> [Brief]: List, from the lines below, each one with "window" in it.

═══ Records shown ═══

(* Write y(t) for the push-sum weights and W(t) = (w_ij(t)), a nonnegative
   column-stochastic matrix whose positive entries are at least beta.
   Existence and the identity y(t) = y(t+1) S(t) are direct computations:
   column-stochasticity gives sum_i y_i(t) = n and sum_i w_ij(t) = 1.
   For uniqueness let pi be any absolute probability sequence and put
   z_i(t) = pi_i(t) / y_i(t).  Then z(t) = W(t)^T z(t+1), i.e. every z_j(t)
   is a convex combination of the z_i(t+1): a backward consensus iteration.
   Uniform strong connectivity (window L) yields time-respecting walks of
   length D = n L between any two agents (the set of agents that can reach a
   fixed agent grows in every window), hence
   - the spread max z - min z contracts by the factor 1 - beta^D over D steps,
   - y_i(t + D) >= beta^D, so that z(t + D) lies in [0, beta^-D].
   The spread of z(t) is thus below beta^-D (1 - beta^D)^m for all m, hence 0;
   z(t) is constant and sum_i pi_i(t) = 1 forces pi(t) = y(t) / n. *)

Lemma connect_cross (T : finType) (e : rel T) (A : {set T}) x y :
  connect e x y -> x \notin A -> y \in A ->
  exists u v, [/\ e u v, u \notin A & v \in A].
Proof.
move=> /connectP [p e_p ->]; elim: p x e_p => [|v p IH] x /=.
  by move=> _ /negP.
case/andP=> exv e_p xA; case vA: (v \in A).
  by move=> _; exists x, v.
by apply: IH => //; rewrite vA.
Qed.

Section Reachability.
Variables (n : nat) (E : graph_seq n).
Hypothesis self_loop : forall t i, E t i i.

(* reach d r j k: a walk of d steps from j to k whose s-th step (s < d) is an
   edge of the graph at time r + s. *)
Fixpoint reach (d r : nat) (j k : 'I_n) : bool :=
  if d is d'.+1 then [exists j1, E r j j1 && reach d' r.+1 j1 k] else j == k.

═══

> [Exercise result]:
   Uniform strong connectivity (window L) yields time-respecting walks of
   fixed agent grows in every window), hence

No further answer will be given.